Грюн сидела в мягком кресле возле окна в кабинете Ваницкого. Окно огромное, от стены до стены и полукружьем от пола до потолка. Стекла почти не заметны, и Евгении кажется, что между нею и улицей нет преграды, что она сидит не в комнате, а на краю большого балкона, где сняли перила.
– Посмотрите вниз… Да подойдите поближе. Я очень морально устала, я зла, но все же на людей не бросаюсь. Смотрите вниз. Мы с вами смотрим на землю сверху, как боги. Мостовая, выщербленный тротуар. Над тротуаром плывут две шляпки, одна с колибри, вторая с искусственной сиренью и из-под юбок мышатами выскакивают носки туфель. За ними плывет лоток с пирожками на голове у разносчика. Кто эти люди? Старые, молодые, красивые, безобразные?.. Что у них на душе? Разносчика пирожков я привыкла видеть в холщовом переднике, с лотком на голове и на круглом лице всегда застывшая боль, как будто у него на сердце синяк. Вы меня понимаете?
– Н-не совсем. – Спорить с хорошенькой женщиной Аркадий Илларионович считал непростительной глупостью, особенно если эта женщина нужна.
Грюн резко, с вызовом, скрывающим боль, повернулась к Ваницкому.
– Я живу внизу, в гуще народа. Вижу живых людей. Пусть некрасивых, с изъянами, с недостатками, но живых. А сверху, с позиции богов, живой человек – это пирожки и шляпки. Мы теряем опору в народе, Аркадий Илларионович, мы смотрим на него слишком сверху.
Откинулась в кресле. Глаза у Евгении цвета пепла с черным углем зрачка. Рыжеватые волосы острижены коротко и уложены, как у женщин на египетских фресках. Нос с горбинкой. Тонкие губы нервно кривятся.
Ваницкий внимательно разглядывал гостью. Эта женщина в городе пятый месяц, а молва приписала ей по крайней мере десяток любовников. Теперь вот Яким Лесовик…

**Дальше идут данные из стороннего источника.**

Lemma signed_sq_spart_sum : (0 < n)%N ->
  \sum_(A : {set 'I_n} | is_distinct_partition A) (-1) ^+ (nparts A).-1 * ((spart A) ^ 2)%:Z
    = (\sum_(t < n.+1) min_part_gf n t *+ (t * t))`_n.
Proof.
move=> n0; rewrite coef_sum big_ord_recl mulr0n coef0 add0r.
rewrite (eq_bigl (fun A => (A != set0) && is_distinct_partition A)); last first.
  by move=> A; case: (boolP (is_distinct_partition A)) => [/(distinct_partition_neq0 n0) ->|]; rewrite ?andbF.
rewrite big_mkcondr sum_nonempty_by_min; apply: eq_bigr => m _.
rewrite coefMn coef_min_part_gf -sumrMnl [LHS]big_mkcond [RHS]big_mkcond /=.
apply: eq_bigr => J _; case minJ: [forall i in J, m < i]%N => //.
have /andP [/spart_is_min -> /eqP mJ] : is_min m (m |: J) && ((m |: J) :\ m == J).
  by rewrite is_min_setU1.
have mJ' : m \notin J by rewrite -mJ setD11.
rewrite /is_distinct_partition /nparts big_setU1 //= cardsU1 mJ' /=.
case: eqP => _; last by rewrite mulr0 mul0rn.
by rewrite mulr1 -mulr_natr natz -mulnn.
Qed.

End MinPartCoef.

Local Open Scope nat_scope.

Section DivisorSums.
Variable n : nat.
Hypothesis n_gt0 : 0 < n.

Lemma sum_divisors_ord (F : nat -> nat) :
  \sum_(d <- divisors n) F d = \sum_(j < n) (if j.+1 %| n then F j.+1 else 0).
Proof.
have divisors_iota : perm_eq (divisors n) [seq d <- iota 1 n | d %| n].
  apply: uniq_perm; [exact: divisors_uniq | exact/filter_uniq/iota_uniq |].
  move=> d; rewrite mem_filter mem_iota -dvdn_divisors //.
  case dn: (d %| n) => //=; have := dvdn_leq n_gt0 dn; have := dvdn_gt0 n_gt0 dn; lia.
rewrite (perm_big _ divisors_iota) big_filter.
have -> : iota 1 n = index_iota 1 n.+1 by rewrite /index_iota subn1.
by rewrite big_add1 big_mkord big_mkcond.
Qed.

Lemma sum_divisors_codiv : \sum_(d <- divisors n) n %/ d = sigma n.
Proof.
have codivK d : d %| n -> n %/ (n %/ d) = d.
  by move=> dn; rewrite divnA // mulKn.
have dvdn_codiv d : (d \in divisors n) -> (n %/ d \in divisors n).
  by rewrite -!dvdn_divisors // => /dvdn_div.
rewrite -(big_map (divn n) predT id) /sigma; apply/perm_big/uniq_perm.
- rewrite map_inj_in_uniq ?divisors_uniq // => d d' dD d'D E.
  by rewrite -(codivK d) ?dvdn_divisors // (E : n %/ d = n %/ d') codivK ?dvdn_divisors.
- exact: divisors_uniq.
move=> d; apply/mapP/idP => [[e eD ->] | dD]; first exact: dvdn_codiv.
by exists (n %/ d); [apply: dvdn_codiv | rewrite codivK // dvdn_divisors].
Qed.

– Боги не могут увидеть настоящую жизнь, – продолжала Грюн, – как не могут увидеть ее живущие наверху. Нам не увидеть, не узнать человеческих душ… Хватит смотреть. Давайте прежде всего решим для себя проклятый вопрос: почему в первые дни революции митинги были триумфом для нас, а сейчас я, лучший агитатор губернии, терплю поражения от сиволапых декламаторов ленинских статей? В чем сила Ленина? Почему моя партия, объявившая себя партией русского народа, расстреляла народную демонстрацию на Невском в начале июля, разгромила типографию, где печаталась газета того же народа?

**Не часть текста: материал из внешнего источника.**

(* A commutative loop $Q$ of finite order $n$ has a subloop of even order if and only if $n$ is even.
   Context: A loop is a set $Q$ with a binary operation (juxtaposition) and neutral element $e$ such that for all $a,b$ the equations $ax=b$, $ya=b$ have unique solutions. A subloop is a subset containing $e$ which is itself a loop under the restricted operation. *)

From mathcomp Require Import all_boot.
Set Implicit Arguments. Unset Strict Implicit. Unset Printing Implicit Defensive.

Definition is_loop (T : Type) (op : T -> T -> T) (e : T) : Prop :=
  (forall x, op e x = x /\ op x e = x) /\
  (forall a b, exists! x, op a x = b) /\
  (forall a b, exists! y, op y a = b).

Definition is_commutative (T : Type) (op : T -> T -> T) : Prop :=
  forall x y, op x y = op y x.

Definition is_subloop (T : finType) (op : T -> T -> T) (e : T) (S : {set T}) : Prop :=
  e \in S /\
  (forall a b, a \in S -> b \in S -> op a b \in S) /\
  (forall a b, a \in S -> b \in S ->
     exists x, (x \in S /\ op a x = b) /\ forall x', x' \in S -> op a x' = b -> x' = x) /\
  (forall a b, a \in S -> b \in S ->
     exists y, (y \in S /\ op y a = b) /\ forall y', y' \in S -> op y' a = b -> y' = y).

From mathcomp Require Import all_boot.

Set Implicit Arguments.
Unset Strict Implicit.
Unset Printing Implicit Defensive.

(* Let A be a subset of a commutative loop in which each x y = b (x in A) has a
   unique solution y in A.  The swap (x, y) |-> (y, x) permutes these |A|
   solutions, and its fixed points are the square roots of b in A; hence b has
   as many square roots in A as |A| modulo 2.  If |Q| is odd every
   element has a square root, so squaring is a bijection and e is the only
   square root of e.  An even subloop S would instead contain an even number
   of square roots of e, hence one besides e. *)

Lemma odd_card_fixed_involution (T : finType) (f : T -> T) (P : {set T}) :
  involutive f -> {in P, forall x, f x \in P} ->
  odd #|[set x in P | f x == x]| = odd #|P|.
Proof.
(* The non-fixed points split into those preceding their image in the
   enumeration order and those following it; f swaps the two halves. *)
move=> fK fP; pose r (x : T) := enum_rank x.
have fPE x : (f x \in P) = (x \in P).
  by apply/idP/idP => [/fP|/fP//]; rewrite fK.
pose F := [set x in P | f x == x].
pose O := [set x in P | r x < r (f x)].
have swapO : f @^-1: O = [set x in P | r (f x) < r x].
  by apply/setP => x; rewrite !inE fK fPE.
have cardP : #|P| = #|F| + #|O| + #|f @^-1: O|.
  rewrite -(cardsID F P) (setIidPr _); last by apply/subsetP => x /setIdP[].
  rewrite -addnA -(cardsID O (P :\: F)); congr (_ + (_ + _)); apply: eq_card => x.
    rewrite !inE; case: (x \in P) (f x =P x) => [] [fx|nfx] //=.
    by rewrite fx ltnn.
  rewrite swapO !inE; case: (x \in P) (f x =P x) => [] [fx|nfx] //=.
    by rewrite fx ltnn.
  rewrite -leqNgt leq_eqVlt; case: ltngtP => //= /val_inj/enum_rank_inj fxE.
  by case: nfx.
rewrite cardP card_preimset; last exact: inv_inj fK.
by rewrite -addnA addnn oddD odd_double addbF.
Qed.

Lemma fin_surj_inj (T : finType) (f : T -> T) :
  (forall y, exists x, f x = y) -> injective f.
Proof.
move=> fS; have fSb y : exists x, f x == y by have [x <-] := fS y; exists x.
pose g y := xchoose (fSb y).
have gK : cancel g f by move=> y; apply/eqP/(xchooseP (fSb y)).
have fK : cancel f g.
  by move=> x; have /codomP[y ->] := injF_onto (can_inj gK) x; rewrite gK.
exact: can_inj fK.
Qed.

Lemma setT_subloop (T : finType) (op : T -> T -> T) (e : T) :
  is_loop op e -> is_subloop op e setT.
Proof.
move=> [_ [rdiv ldiv]].
split; first exact: in_setT.
split; first by move=> a b _ _; apply: in_setT.
split=> a b _ _.
  by have [x [axb xU]] := rdiv a b; exists x; split=> // x' _ /xU.
by have [y [yab yU]] := ldiv a b; exists y; split=> // y' _ /yU.
Qed.

Section CommutativeLoop.
Variables (T : finType) (op : T -> T -> T).
Hypothesis opC : is_commutative op.

Lemma odd_card_sqrt (A : {set T}) (b : T) :
  (forall a, a \in A -> exists x, (x \in A /\ op a x = b) /\
      forall x', x' \in A -> op a x' = b -> x' = x) ->
  odd #|[set x in A | op x x == b]| = odd #|A|.
Proof.
move=> Adiv.
pose P := [set p : T * T | [&& p.1 \in A, p.2 \in A & op p.1 p.2 == b]].
pose swap (p : T * T) := (p.2, p.1).
have swapK : involutive swap by case.
have swapP : {in P, forall p, swap p \in P}.
  by case=> x y; rewrite !inE /= opC andbCA.
have cardP : #|P| = #|A|.
  have -> : A = fst @: P.
    apply/setP => a; apply/idP/imsetP => [aA|[[x y]]].
      have [x [[xA axb] _]] := Adiv a aA.
      by exists (a, x); rewrite // inE /= aA xA axb eqxx.
    by rewrite inE /= => /and3P[xA _ _] ->.
  apply/esym/card_in_imset => -[x1 y1] [x2 y2]; rewrite !inE /=.
  move=> /and3P[x1A y1A /eqP e1] /and3P[_ y2A /eqP e2] /= x12; subst x2.
  by have [z [_ zU]] := Adiv x1 x1A; rewrite (zU _ y1A e1) (zU _ y2A e2).
have cardF : #|[set p in P | swap p == p]| = #|[set x in A | op x x == b]|.
  have -> : [set p in P | swap p == p] =
            (fun x => (x, x)) @: [set x in A | op x x == b].
    apply/setP => -[x y]; rewrite !inE /=; apply/idP/imsetP.
      case/andP => /and3P[xA _ xyb] /eqP[yx _]; subst y.
      by exists x; rewrite ?inE ?xA.
    by case=> z; rewrite inE => /andP[zA zzb] [-> ->]; rewrite zA zzb eqxx.
  by apply: card_imset => x y [].
by rewrite -cardF -cardP odd_card_fixed_involution.
Qed.

Lemma odd_loop_sqr_inj (e : T) :
  is_loop op e -> odd #|T| -> injective (fun x => op x x).
Proof.
move=> Qloop oddT; apply: fin_surj_inj => b.
have [_ [_ [rdivT _]]] := setT_subloop Qloop.
have := odd_card_sqrt (fun a aT => rdivT a b aT (in_setT b)).
rewrite cardsT oddT => odd_roots.
have /card_gt0P[x] : 0 < #|[set x in [set: T] | op x x == b]|.
  by move: odd_roots; case: #|_|.
by rewrite !inE => /eqP; exists x.
Qed.

Lemma odd_card_subloop (e : T) (S : {set T}) :
  is_loop op e -> odd #|T| -> is_subloop op e S -> odd #|S|.
Proof.
move=> Qloop oddT [eS [_ [rdivS _]]].
have ee : op e e = e by case: Qloop => /(_ e)[].
rewrite -(odd_card_sqrt (fun a aS => rdivS a e aS eS)).
set E := [set x in S | _].
suff -> : E = [set e] by rewrite cards1.
apply/setP => s; rewrite !inE; apply/andP/eqP => [[_ /eqP ss]|->]; last first.
  by rewrite eS ee.
by apply: (odd_loop_sqr_inj Qloop oddT); rewrite /= ss ee.
Qed.

End CommutativeLoop.

Theorem corollary3p2 (T : finType) (op : T -> T -> T) (e : T) :
  is_loop op e -> is_commutative op ->
  ((exists S : {set T}, is_subloop op e S /\ ~~ odd #|S|) <-> ~~ odd #|T|).
Proof.
move=> Qloop opC; split=> [[S [subS evenS]]|evenT].
  move: evenS; apply: contra => oddT.
  exact: (odd_card_subloop opC Qloop oddT subS).
by exists setT; split; [exact: setT_subloop | rewrite cardsT].
Qed.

А если б у вас на Богомдарованном было десятка три верных казаков, уступили бы вы рабочим? И в Камышовке? Кстати, Вавила – это муж той самой сероглазой бестии Лукерьи, что доставила столько неприятностей на Богомдарованном. Так вот, если бы у вас в Камышовке были казаки, то, ручаюсь своей головой, вы приказали бы арестовать смутьянов. И это было бы похоже на акт отчаяния. Но почему умнейшие люди нашей партии не напишут такой же ясной и доходчивой программы, как Ленин в этих Апрельских тезисах? Аркадий Илларионович, вы умный, опытный, помогите мне разобраться. В чем причина победы Вавилы?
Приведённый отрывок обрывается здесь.